The aggravated battery convictions also were based upon the shot that actually struck Sanders in the leg. Therefore, the fact that Sanders was shot in the leg was a necessary element of the aggravated battery convictions and the attempted murder conviction. To convict on both is improper. As the supreme court of Illinois recognized in People v. Segara (1988), 126 Ill. 2d 70, 77, 533 N.E.2d 802, 805:

“[I]f a defendant commits more than one criminal act in an episode or transaction, he may be prosecuted for more than one offense unless the charges involve precisely the same physical act. If the physical acts are distinct, the defendant can be convicted of both, but only concurrent sentences can be imposed. If exactly the same physical act does form the basis for more than one offense, a defendant may still be prosecuted for each offense, but only one conviction and sentence may be imposed. Eisenberg, Multiple Punishments for the ‘Same Offense’ in Illinois, 11 S. Ill. U. L.J. 217, 236-37 (1987).”
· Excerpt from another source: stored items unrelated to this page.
Lemma prod_open_inter O1 O2 :
  prod_open E O1 -> prod_open E O2 -> prod_open E (fun x => O1 x /\ O2 x).
Proof.
  intros H1 H2 x [x1 x2].
  destruct (H1 x x1) as [l1 [V1 [A1 B1]]]. destruct (H2 x x2) as [l2 [V2 [A2 B2]]].
  exists (l1 ++ l2), (fun j y => (In j l1 -> V1 j y) /\ (In j l2 -> V2 j y)). split.
  - intros j Hj. split.
    + destruct (tvs_topE (E j)) as [_ [HI _]].
      apply HI; apply tvs_open_imply; intros h; [apply A1|apply A2]; exact h.
    + split; intros h; [apply A1|apply A2]; exact h.
  - intros y Hy. split; [apply B1|apply B2]; intros j Hj; apply (Hy j); auto using in_or_app.
Qed.

Lemma sigma_topology : is_topology (sigma_open E).
Proof.
  split; [|split].
  - exists (fun _ => True). split; [|tauto].
    intros x _. exists nil, (fun _ _ => True). simpl. split; [tauto|auto].
  - intros U V [O1 [H1 E1]] [O2 [H2 E2]]. exists (fun x => O1 x /\ O2 x). split.
    + apply prod_open_inter; auto.
    + intros z. rewrite E1, E2. tauto.
  - intros F HF.
    exists (fun x => exists W O, F W /\ prod_open E O /\
                      (forall z, W z <-> O (proj1_sig z)) /\ O x).
    split.
    + intros x [W [O [FW [HO [HWO Ox]]]]]. destruct (HO x Ox) as [l [V [A B]]].
      exists l, V. split; auto. intros y Hy. exists W, O. auto.
    + intros z. split.
      * intros [W [FW Wz]]. destruct (HF W FW) as [O [HO HWO]].
        exists W, O. repeat split; auto; apply HWO; assumption.
      * intros [W [O [FW [HO [HWO Oz]]]]]. exists W. split; auto. apply HWO; exact Oz.
Qed.
(* Let $S=(s_{ij})$ and $C=(c_{ij})$ be real $n\times n$ matrices with spectra (counted with multiplicities) $\sigma(S)=(\lambda_1,\ldots,\lambda_n)$ and $\sigma(C)=(\mu_1,\ldots,\mu_n)$, and let $0\le\gamma\le 1$. Suppose $|c_{ij}|\le s_{ij}$ for all $1\le i,j\le n$ (equivalently, $S$, $S+C$ and $S-C$ are entrywise nonnegative). Then $\tfrac12(S+\gamma C)$ and $\tfrac12(S-\gamma C)$ are nonnegative, and the $2n\times 2n$ block matrices $M_{\pm\gamma}=(M_{ij,\pm\gamma})_{i,j=1}^n$ with $$M_{ij,\pm\gamma}=\begin{pmatrix}\frac{s_{ij}\pm\gamma c_{ij}}{2} & \frac{s_{ij}\mp\gamma c_{ij}}{2}\\ \frac{s_{ij}\mp\gamma c_{ij}}{2} & \frac{s_{ij}\pm\gamma c_{ij}}{2}\end{pmatrix}$$ are nonnegative and realize, respectively, the lists $(\lambda_1,\ldots,\lambda_n,\gamma\mu_1,\ldots,\gamma\mu_n)$ (for $M_{+\gamma}$) and $(\lambda_1,\ldots,\lambda_n,-\gamma\mu_1,\ldots,-\gamma\mu_n)$ (for $M_{-\gamma}$).
   Context: A matrix realizes a list of complex numbers if the list is its spectrum counted with multiplicities. Nonnegative means entrywise nonnegative. *)

From HB Require Import structures.
From mathcomp Require Import all_boot all_order all_algebra.
From mathcomp Require Import complex.
From mathcomp Require Import reals.
Set Implicit Arguments. Unset Strict Implicit. Unset Printing Implicit Defensive.
Import Order.TTheory GRing.Theory Num.Theory.
Local Open Scope ring_scope.
Local Open Scope complex_scope.

Definition nonneg_mx (R : numDomainType) m n (A : 'M[R]_(m, n)) : Prop :=
  forall i j, 0 <= A i j.

(* A real square matrix realizes a list of complex numbers iff the list is its
   spectrum counted with multiplicities, i.e. the characteristic polynomial of
   the matrix (viewed over R[i]) is  prod_{z in l} (X - z). *)
Definition realizes (R : rcfType) n (A : 'M[R]_n) (l : seq R[i]) : Prop :=
  char_poly (map_mx (fun x : R => x%:C) A) = \prod_(z <- l) ('X - z%:P).

Lemma block_idx_proof n (r : 'I_(n * 2)) : (r %/ 2 < n)%N.
Proof. by rewrite ltn_divLR // ltn_ord. Qed.

Definition block_idx n (r : 'I_(n * 2)) : 'I_n := Ordinal (block_idx_proof r).

(* block_mx2 S C g : the 2n x 2n matrix with (i,j) 2x2 block
     [ (s_ij + g c_ij)/2   (s_ij - g c_ij)/2 ]
     [ (s_ij - g c_ij)/2   (s_ij + g c_ij)/2 ],
   rows/columns ordered (1,1),(1,2),(2,1),(2,2),...,(n,1),(n,2).
   M_{+gamma} = block_mx2 S C gamma,  M_{-gamma} = block_mx2 S C (- gamma). *)
Definition block_mx2 (R : fieldType) n (S C : 'M[R]_n) (g : R) : 'M[R]_(n * 2) :=
  \matrix_(r, c)
    if (r %% 2 == c %% 2)%N
    then (S (block_idx r) (block_idx c) + g * C (block_idx r) (block_idx c)) / 2
    else (S (block_idx r) (block_idx c) - g * C (block_idx r) (block_idx c)) / 2.

From HB Require Import structures.
From mathcomp Require Import all_boot all_order all_algebra.
From mathcomp Require Import complex.
From mathcomp Require Import reals.
From mathcomp Require Import zify ring lra.
Import Order.TTheory GRing.Theory Num.Theory.
Set Implicit Arguments. Unset Strict Implicit. Unset Printing Implicit Defensive.
Local Open Scope ring_scope.

(* P = [I ⊗ (1, 1)^T | I ⊗ (1, -1)^T] satisfies P^T P = 2 I and
   block_mx2 S C g * P = P * diag(S, g C): on vectors (x_i, x_i)_i the matrix
   acts as S, on vectors (x_i, -x_i)_i as g C.  Hence the characteristic
   polynomial of block_mx2 S C g is char_poly S * char_poly (g C), whose roots
   are the lambda_i and the g mu_i.  The entries (s_ij +- g c_ij) / 2 are
   nonnegative because |g c_ij| <= |c_ij| <= s_ij. *)

Lemma block_ord_proof n (i : 'I_n) (a : 'I_2) : (i * 2 + a < n * 2)%N.
Proof. by have := ltn_ord i; have := ltn_ord a; lia. Qed.

Definition block_ord n (i : 'I_n) (a : 'I_2) : 'I_(n * 2) :=
  Ordinal (block_ord_proof i a).

Lemma block_idx_ord n (i : 'I_n) a : block_idx (block_ord i a) = i.
Proof. by apply: val_inj; rewrite /= divnMDl // divn_small ?addn0. Qed.

Lemma block_ord_mod2 n (i : 'I_n) (a : 'I_2) : (block_ord i a %% 2 = a)%N.
Proof. by rewrite /= modnMDl modn_small. Qed.

Lemma big_ord_mul2 (V : nmodType) n (F : 'I_(n * 2) -> V) :
  \sum_r F r = \sum_(i < n) (F (block_ord i ord0) + F (block_ord i ord_max)).
Proof.
pose G r := if insub r is Some k then F k else 0.
have GE (k : 'I_(n * 2)) : G k = F k by rewrite /G valK.
rewrite (eq_bigr (G \o val)); last by move=> k _; rewrite /= GE.
rewrite -(big_mkord xpredT G) big_nat_mul big_mkord; apply: eq_bigr => i _.
rewrite mulSnr addn2 big_ltn // big_ltn // big_geq // /= addr0 -!GE /=.
by rewrite addn0 addn1.
Qed.

Definition kron_idcol (R : pzRingType) n (a b : R) : 'M[R]_(n * 2, n) :=
  \matrix_(r, k) ((block_idx r == k)%:R * (if (r %% 2 == 0)%N then a else b)).

Section KronIdcol.
Variables (R : comPzRingType) (n : nat).

Lemma mulmx_kron_idcol (M : 'M[R]_(n * 2)) (a b : R) :
  M *m kron_idcol n a b =
  \matrix_(r, j) (M r (block_ord j ord0) * a + M r (block_ord j ord_max) * b).
Proof.
apply/matrixP => r j; rewrite !mxE big_ord_mul2 (bigD1 j) //= big1 => [|i ij].
  by rewrite !mxE !block_idx_ord !block_ord_mod2 eqxx !mul1r addr0.
by rewrite !mxE !block_idx_ord (negbTE ij) !mul0r !mulr0 addr0.
Qed.

Lemma kron_idcol_mul (X : 'M[R]_n) (a b : R) :
  kron_idcol n a b *m X =
  \matrix_(r, j) ((if (r %% 2 == 0)%N then a else b) * X (block_idx r) j).
Proof.
apply/matrixP => r j; rewrite !mxE (bigD1 (block_idx r)) //= big1 => [|i ri].
  by rewrite !mxE eqxx mul1r addr0.
by rewrite !mxE eq_sym (negbTE ri) !mul0r.
Qed.

Lemma tr_kron_idcol_mul (a b c d : R) :
  (kron_idcol n a b)^T *m kron_idcol n c d = (a * c + b * d)%:M.
Proof.
apply/matrixP => j k; rewrite !mxE big_ord_mul2 (bigD1 j) //= big1 => [|i ij].
  rewrite !mxE !block_idx_ord !block_ord_mod2 eqxx !mul1r addr0.
  by case: (j == k); rewrite /= ?mul1r ?mul0r ?mulr0 ?addr0.
by rewrite !mxE !block_idx_ord (negbTE ij) !mul0r addr0.
Qed.

End KronIdcol.

Section CharPoly.
Variable F : fieldType.

Lemma char_poly_similar m k (e : k = m) (M : 'M[F]_m) (P : 'M[F]_(m, k))
    (Q : 'M[F]_(k, m)) (D : 'M[F]_k) :
  Q *m P = 1%:M -> M *m P = P *m D -> char_poly M = char_poly D.
Proof.
case: m / e in M P Q * => QP MP.
have [_ P_unit] := mulmx1_unit QP.
pose Pc := map_mx polyC P.
have char_mxP : char_poly_mx M *m Pc = Pc *m char_poly_mx D.
  rewrite /char_poly_mx mulmxBl mulmxBr mul_scalar_mx mul_mx_scalar.
  by rewrite -!map_mxM MP.
have := congr1 determinant char_mxP; rewrite !det_mulmx mulrC; apply: mulfI.
by rewrite det_map_mx polyC_eq0 -unitfE -unitmxE.
Qed.

Lemma char_poly_block_diag n1 n2 (A : 'M[F]_n1) (B : 'M[F]_n2) :
  char_poly (block_mx A 0 0 B) = char_poly A * char_poly B.
Proof.
rewrite /char_poly /char_poly_mx map_block_mx scalar_mx_block opp_block_mx.
by rewrite add_block_mx !map_mx0 !subr0 det_ublock.
Qed.

Lemma char_polyZ n (a : F) (A : 'M[F]_n) (l : seq F) :
  char_poly A = \prod_(z <- l) ('X - z%:P) ->
  char_poly (a *: A) = \prod_(z <- l) ('X - (a * z)%:P).
Proof.
move=> charA.
have size_l : size l = n.
  by have := size_char_poly A; rewrite charA size_prod_XsubC => -[].
have [->|a0] := eqVneq a 0.
  under eq_bigr do rewrite mul0r subr0.
  rewrite scale0r big_const_seq count_predT iter_mulr mulr1 size_l.
  by rewrite /char_poly /char_poly_mx map_mx0 subr0 det_scalar.
(* char_poly (a A) (X) = a^n char_poly A (X / a) *)
pose q : {poly F} := a^-1 *: 'X.
have XsubCZ (z : F) : 'X - (a * z)%:P = a%:P * (('X - z%:P) \Po q).
  by rewrite comp_polyB comp_polyX comp_polyC mulrBr mul_polyC scalerA mulfV
             // scale1r polyCM.
have char_mxZ :
    char_poly_mx (a *: A) = a%:P *: map_mx (comp_poly q) (char_poly_mx A).
  apply/matrixP => i j; rewrite !mxE; case: eqP => _ /=.
    by rewrite mulr1n -XsubCZ.
  by rewrite comp_polyB comp_poly0 comp_polyC !sub0r mulrN -polyCM.
rewrite /char_poly char_mxZ detZ det_map_mx -/(char_poly A) charA rmorph_prod.
rewrite -size_l -[a%:P ^+ _]mulr1 -iter_mulr -count_predT -big_const_seq.
by rewrite -big_split; apply: eq_bigr => z _; rewrite XsubCZ.
Qed.

End CharPoly.

Section BlockMx2.
Variables (R : numFieldType) (n : nat) (S C : 'M[R]_n) (g : R).

Lemma block_mx2_kron_idcol_sym :
  block_mx2 S C g *m kron_idcol n 1 1 = kron_idcol n 1 1 *m S.
Proof.
apply/matrixP => r j; rewrite mulmx_kron_idcol kron_idcol_mul !mxE.
rewrite !block_idx_ord !block_ord_mod2 /=.
by rewrite modn2; case: (odd r); rewrite /= !mulr1 mul1r; field.
Qed.

Lemma block_mx2_kron_idcol_skew :
  block_mx2 S C g *m kron_idcol n 1 (-1) = kron_idcol n 1 (-1) *m (g *: C).
Proof.
apply/matrixP => r j; rewrite mulmx_kron_idcol kron_idcol_mul !mxE.
rewrite !block_idx_ord !block_ord_mod2 /=.
rewrite modn2; case: (odd r);
  by rewrite /= ?mul1r ?mulr1 ?mulN1r ?mulrN1; field.
Qed.

Lemma char_poly_block_mx2 :
  char_poly (block_mx2 S C g) = char_poly S * char_poly (g *: C).
Proof.
pose P := row_mx (kron_idcol n 1 1) (kron_idcol n 1 (-1 : R)).
pose Q := (2%:R : R)^-1 *: P^T.
have nn2 : (n + n = n * 2)%N by rewrite addnn muln2.
rewrite -char_poly_block_diag; apply: (char_poly_similar nn2 (P := P) (Q := Q)).
- rewrite /Q -scalemxAl tr_row_mx mul_col_row !tr_kron_idcol_mul.
  rewrite !mulr1 mulrN1 subrr mulrNN mulr1 !raddf0 -scalar_mx_block.
  by rewrite scale_scalar_mx mulVf ?pnatr_eq0.
- rewrite mul_mx_row mul_row_block !mulmx0 addr0 add0r.
  by rewrite block_mx2_kron_idcol_sym block_mx2_kron_idcol_skew.
Qed.

End BlockMx2.

Local Open Scope complex_scope.

Lemma realizes_block_mx2 (R : rcfType) n (S C : 'M[R]_n) (lam mu : seq R[i])
    (g : R) :
  realizes S lam -> realizes C mu ->
  realizes (block_mx2 S C g) (lam ++ [seq g%:C * z | z <- mu]).
Proof.
rewrite /realizes => charS charC.
rewrite -map_char_poly char_poly_block_mx2 rmorphM /= !map_char_poly map_mxZ.
by rewrite charS (char_polyZ _ charC) big_cat big_map.
Qed.

Section Nonneg.
Variables (R : realFieldType) (n : nat) (S C : 'M[R]_n).
Hypothesis C_le_S : forall i j, `|C i j| <= S i j.

Lemma add_mul_ge0 g i j : `|g| <= 1 -> 0 <= S i j + g * C i j.
Proof.
move=> g_le1; have : `|g * C i j| <= S i j.
  by rewrite normrM (le_trans _ (C_le_S i j)) // ler_piMl.
by rewrite ler_norml => /andP[]; lra.
Qed.

Lemma nonneg_half_addZ g : `|g| <= 1 -> nonneg_mx (2%:R^-1 *: (S + g *: C)).
Proof. by move=> g_le1 i j; rewrite !mxE mulr_ge0 ?invr_ge0 ?add_mul_ge0. Qed.

Lemma nonneg_block_mx2 g : `|g| <= 1 -> nonneg_mx (block_mx2 S C g).
Proof.
move=> g_le1 r c; rewrite mxE.
case: ifP => _; rewrite divr_ge0 ?ler0n // -?mulNr add_mul_ge0 ?normrN //.
Qed.

End Nonneg.

Theorem theorem3 (R : realType) (n : nat) (S C : 'M[R]_n)
    (lam mu : seq R[i]) (gamma : R) :
  0 <= gamma <= 1 ->
  (forall i j, `|C i j| <= S i j) ->
  realizes S lam -> realizes C mu ->
  nonneg_mx ((2%:R)^-1 *: (S + gamma *: C)) /\
  nonneg_mx ((2%:R)^-1 *: (S - gamma *: C)) /\
  nonneg_mx (block_mx2 S C gamma) /\
  nonneg_mx (block_mx2 S C (- gamma)) /\
  realizes (block_mx2 S C gamma) (lam ++ [seq gamma%:C * z | z <- mu]) /\
  realizes (block_mx2 S C (- gamma)) (lam ++ [seq - (gamma%:C * z) | z <- mu]).
Proof.
move=> /andP[gamma_ge0 gamma_le1] C_le_S charS charC.
have normg_le1 : `|gamma| <= 1 by rewrite ger0_norm.
have normNg_le1 : `|- gamma| <= 1 by rewrite normrN.
have -> : S - gamma *: C = S + (- gamma) *: C by rewrite scaleNr.
have -> : [seq - (gamma%:C * z) | z <- mu] = [seq (- gamma)%:C * z | z <- mu].
  by apply: eq_map => z; rewrite rmorphN mulNr.
split; [|split; [|split; [|split; [|split]]]].
- exact: nonneg_half_addZ.
- exact: nonneg_half_addZ.
- exact: nonneg_block_mx2.
- exact: nonneg_block_mx2.
- exact: realizes_block_mx2.
- exact: realizes_block_mx2.
Qed.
The State argues that the attempted murder conviction is based on the shots that missed Sanders while the aggravated battery convictions are based on the shot that actually struck Leroy Sanders. An examination of the record, and more specifically of the charging instruments, however, does not support this contention. For the above-mentioned reasons, the defendant’s aggravated battery convictions are vacated.

The circuit court judgment is affirmed in part and vacated in part.

Affirmed in part; vacated in part.

WELCH, P.J., and HARRISON, J., concur.